The International Monetary Fund (IMF), the University of the West Indies (UWI) and the Central Bank of Barbados have jointly organized a conference for January 27 and 28, to discuss issues related to Caribbean regional economic growth, and their associated policy challenges.
The conference, entitled "Options for the Caribbean After the Global Financial Crisis" will discuss economic growth strategies to better inform IMF policies in the Caribbean, as more countries look to the Bretton Woods institutions for international prescriptions for national economic salvation.
Like most of the rest of the world, Caribbean economies didn't fare well in 2010. Of the 15 Caricom member-states, Guyana and Surinam alone posted highest growth rates in 2010.
The Bahamas is already showing signs of economic recovery in 2011, but it does very little trade with other Caricom member-states.
The Dominican Republic – which shares the island of Hispaniola with Haiti – is bracing for a 7 percent growth in 2011. But it too, like Haiti, does very little business with Caricom.
Same with Belize, which is located in Central America.
More Caribbean countries are looking to the IMF and the World Bank for rescue financing and other fiscal and monetary policy arrangements. Jamaica and Antigua & Barbuda both signed agreements with the IMF in 2010.
Some states are also taking local steps to ease their economic burdens. Barbados and St. Kitts & Nevis raised taxes and cut spending – and others are expected to follow as they prepare their annual Estimates of Revenue and Expenditure – national budgets – for the 2011-2012 financial year.
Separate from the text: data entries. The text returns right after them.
(* The Cauchy matrix is invertible: a left kernel vector v makes rsum x v
   vanish at the N points 1/y_j, hence everywhere, and then each v_i = 0. *)
Lemma cauchy_mx_unit : cauchy_mx \in unitmx.
Proof.
rewrite unitmxE unitfE; apply/negP => /det0P[v v_nz v_ker].
have sums j : \sum_i v 0 i / (x i - y j) = 0.
  have := congr1 (fun A : 'rV[F]_N => A 0 j) v_ker; rewrite !mxE => ker_j.
  transitivity (- \sum_i v 0 i * (1 / (y j - x i))).
    rewrite -sumrN; apply: eq_bigr => i _.
    have : y j - x i != 0 by rewrite subr_eq0 eq_sym.
    by move=> yx_nz; field; rewrite yx_nz -opprB oppr_eq0.
  suff -> : \sum_i v 0 i * (1 / (y j - x i)) = 0 by rewrite oppr0.
  by rewrite -[RHS]ker_j; apply: eq_bigr => i _; rewrite mxE.
have T0 : rsum x (fun i => v 0 i) = 0.
  apply: (poly_eq0_inv_nodes y_inj) => [|j].
    by apply/leq_sizeP => k k_ge; have [Th _ _] := coef_rsum x (fun i => v 0 i); rewrite Th.
  by rewrite rsum_at_inv // sums mulr0.
apply/negP: v_nz; rewrite negbK; apply/eqP/rowP => i; rewrite mxE.
by apply: (rsum_node_eq0 x_inj x_nz); rewrite T0 horner0.
Qed.

End CauchySystems.

Section MinorSumIdentity.
Variables (F : fieldType) (n : nat).
Local Notation N := n.+1.
Variables (x y : 'I_N -> F) (z : F).
Hypotheses (x_nz : forall i, x i != 0) (y_nz : forall j, y j != 0).
Hypothesis xy_neq : forall i j, x i != y j.

Definition kernel_mx : 'M[F]_N :=
  \matrix_(i, j) (z / (x i - y j) * (y j / x i) + 1 / (- x i + y j) * (x i / y j)).

Definition low_rank_left : 'M[F]_(N, 2) :=
  \matrix_(i, k) (if k == 0 then (x i)^-1 else 1).
Definition low_rank_right (e : F -> F) : 'M[F]_(2, N) :=
  \matrix_(k, j) (if k == 0 then - z else e (y j)).

Lemma kernel_mx_update (c : F -> F) :
  kernel_mx + const_mx 1 *m \row_j c (y j) =
  (1 - z) *: cauchy_mx x y + low_rank_left *m low_rank_right (fun t => c t - t^-1).
Proof.
apply/matrixP => i j; rewrite !mxE !big_ord_recr !big_ord0 /= !mxE /= !add0r.
have xy_nz : x i - y j != 0 by rewrite subr_eq0.
have yx_nz : y j - x i != 0 by rewrite subr_eq0 eq_sym.
by field; rewrite x_nz y_nz xy_nz yx_nz.
Qed.

Lemma correction_mx_entry (e : F -> F) (W : 'M[F]_(N, 2)) k l :
  (1%:M + ((1 - z)^-1 *: low_rank_right e) *m W) k l =
  (k == l)%:R + (1 - z)^-1 * \sum_j (if k == 0 then - z else e (y j)) * W j l.
Proof.
rewrite !mxE mulr_sumr; congr (_ + _); apply: eq_bigr => j _.
by rewrite !mxE mulrA.
Qed.

Hypotheses (two_nz : (2 : F) != 0) (z_ne1 : z != 1).

(* The identity for distinct x_i and distinct y_j: both determinants reduce
   to 2 x 2 determinants whose entries are the Cauchy moments of the columns
   of W = C^-1 U. *)
Lemma minor_sum_injective : injective x -> injective y ->
  \det (kernel_mx + const_mx 1 *m \row_j y j) - \det kernel_mx =
  (1 - z) ^ (N%:Z - 2) * (Hhat x y + z * (\prod_i (y i / x i)) * Hhat y x) *
  \det (cauchy_mx x y).
Proof.
move=> x_inj y_inj.
have t_nz : 1 - z != 0 by rewrite subr_eq0 eq_sym.
have C_unit : cauchy_mx x y \in unitmx by apply: cauchy_mx_unit.
have M_dec := kernel_mx_update (fun=> 0).
rewrite (_ : \row_j 0 = 0) ?mulmx0 ?addr0 in M_dec; last by apply/rowP => j; rewrite !mxE.
rewrite (kernel_mx_update id) {}M_dec !det_scaled_low_rank //.
set W := invmx (cauchy_mx x y) *m low_rank_left.
have sysW l i : \sum_j W j l / (y j - x i) = low_rank_left i l.
  have : cauchy_mx x y *m W = low_rank_left by rewrite /W mulmxA mulmxV // mul1mx.
  move/matrixP/(_ i l) => <-; rewrite mxE; apply: eq_bigr => j _.
  by rewrite [cauchy_mx x y i j]mxE mulrC div1r.
have sys0 i : \sum_j W j 0 / (y j - x i) = (x i)^-1 by rewrite sysW mxE.
have sys1 i : \sum_j W j 1 / (y j - x i) = 1 by rewrite sysW mxE.
have [sum0 ysum0] := cauchy_moments_inv x_inj x_nz xy_neq sys0.
have [sum1 ysum1] := cauchy_moments_const x_inj x_nz xy_neq two_nz sys1.
have split_row l : \sum_j (y j - (y j)^-1) * W j l =
    \sum_j y j * W j l - \sum_j (y j)^-1 * W j l.
  by rewrite -sumrB; apply: eq_bigr => j _; rewrite mulrBl.
have neg_row l : \sum_j (0 - (y j)^-1) * W j l = - \sum_j (y j)^-1 * W j l.
  by rewrite -sumrN; apply: eq_bigr => j _; rewrite sub0r mulNr.
have pow_N : (1 - z) ^+ N = (1 - z) ^ (N%:Z - 2) * (1 - z) ^+ 2.
  by rewrite !exprnP -expfzDr // subrK.
rewrite !det_mx22 !correction_mx_entry /= -!mulr_sumr !split_row !neg_row.
rewrite sum0 sum1 ysum0 ysum1 pow_N /Hhat.
by field; rewrite t_nz two_nz.
Qed.

(* If two x_i (resp. y_j) coincide, all the matrices involved have two equal
   rows (resp. columns). *)
Lemma minor_sum_degenerate : ~~ (injectiveb x && injectiveb y) ->
  \det (kernel_mx + const_mx 1 *m \row_j y j) = 0 /\ \det kernel_mx = 0 /\
  \det (cauchy_mx x y) = 0.
Proof.
case/nandP => [/injectivePn[i1 [i2 i12 x12]] | /injectivePn[j1 [j2 j12 y12]]].
  have dup_rows (A : 'M[F]_N) : A i1 =1 A i2 -> \det A = 0.
    exact: determinant_alternate.
  by split; [|split]; apply: dup_rows => j; rewrite !mxE ?big_ord1 ?mxE x12.
have dup_cols (A : 'M[F]_N) : A^T j1 =1 A^T j2 -> \det A = 0.
  by move=> dup; rewrite -det_tr; apply: determinant_alternate dup.
by split; [|split]; apply: dup_cols => i; rewrite !mxE ?big_ord1 ?mxE y12.
Qed.

End MinorSumIdentity.
(* Let $\theta_p:C_2^{\rm SLB}(\mathbb Z_p)\to\mathbb Z_p$ be the $2$-cocycle given on generators by \[ \theta_p((a,b),(a,c))=(a-b)\,\frac{(a-b+2c)^p+(a+b)^p-2(a+c)^p}{p}\pmod p \] (computed with integer lifts, numerator in $\mathbb Z$). Let $D$ be a diagram of a Dehn $p$-colorable knot, $C$ a Dehn $p$-coloring of $D$, $s\in\mathbb Z_p^\times$, $t\in\mathbb Z_p$, and $C'=sC+t$ (the map $x\mapsto sC(x)+t$, which is again a Dehn $p$-coloring of $D$). Then \[ \theta_p(W(D,C'))=s^2\,\theta_p(W(D,C)). \]
   Context: Let $p$ be an odd prime, $X=\mathbb Z_p$, $[a,b,c]=a-b+c$, $\rho((a,b))=(b,a)$, $(a,b)\,\underline{\star}\,(a,c)=(c,[a,b,c])$, $(a,b)\,\overline{\star}\,(a,c)=(c,[a,c,b])$. For $n\ge1$ let $C_n^{\rm lb}(X)$ be the free abelian group on tuples $((a,b_1),\dots,(a,b_n))$, $a,b_i\in X$; $D_n^{\rm lb}(X)$ the subgroup generated by tuples with $b_i=b_{i+1}$ for some $i$; $D_n^{\rm lb}(X,\rho)$ the subgroup generated by all $((a,b_1),\dots,(a,b_n))+((a,b_1)\underline\star(a,b_i),\dots,(a,b_{i-1})\underline\star(a,b_i),\rho((a,b_i)),(a,b_{i+1})\overline\star(a,b_i),\dots,(a,b_n)\overline\star(a,b_i))$; and $C_n^{\rm SLB}(X)=C_n^{\rm lb}(X)/(D_n^{\rm lb}(X)+D_n^{\rm lb}(X,\rho))$. (The formula for $\theta_p$ is well defined on this quotient.) Dehn $p$-colorings: for a knot diagram $D$ with region set $\mathcal R(D)$, at each crossing label the four regions $x_1,x_2,x_3,x_4$ so that $x_2$ is adjacent to $x_1$ across an under-arc, $x_3$ adjacent to $x_1$ across the over-arc, $x_4$ opposite $x_1$; a Dehn $p$-coloring is $C:\mathcal R(D)\to\mathbb Z_p$ with $C(x_1)+C(x_3)=C(x_2)+C(x_4)$ at every crossing. At each crossing $\chi$ choose a specified region $x_1$, put $a=C(x_1),b=C(x_2),c=C(x_3)$, $w_\chi=\varepsilon((a,b),(a,c))\in C_2^{\rm SLB}(X)$ with $\varepsilon=+1$ if $(n_o,n_u)$ is a positively oriented basis of $\mathbb R^2$ and $-1$ otherwise ($n_u$ the normal vector from $x_1$ to $x_2$, $n_o$ from $x_1$ to $x_3$); $W(D,C)=\sum_\chi w_\chi$, which is independent of the choices of specified regions. *)

From mathcomp Require Import all_boot all_algebra.
Set Implicit Arguments. Unset Strict Implicit. Unset Printing Implicit Defensive.
Import GRing.Theory.
Local Open Scope ring_scope.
Dominica and St. Vincent and the Grenadines last year looked to Venezuela's ALBA initiative to lower fuel costs, while Grenada has been taking a strong second look at its offshore financing tax haven arrangements.
Caribbean economies (minus Haiti) collectively recorded a 2.3 percent decline in growth in 2010, according to the Economic Commission for Latin America and the Caribbean (ECLAC).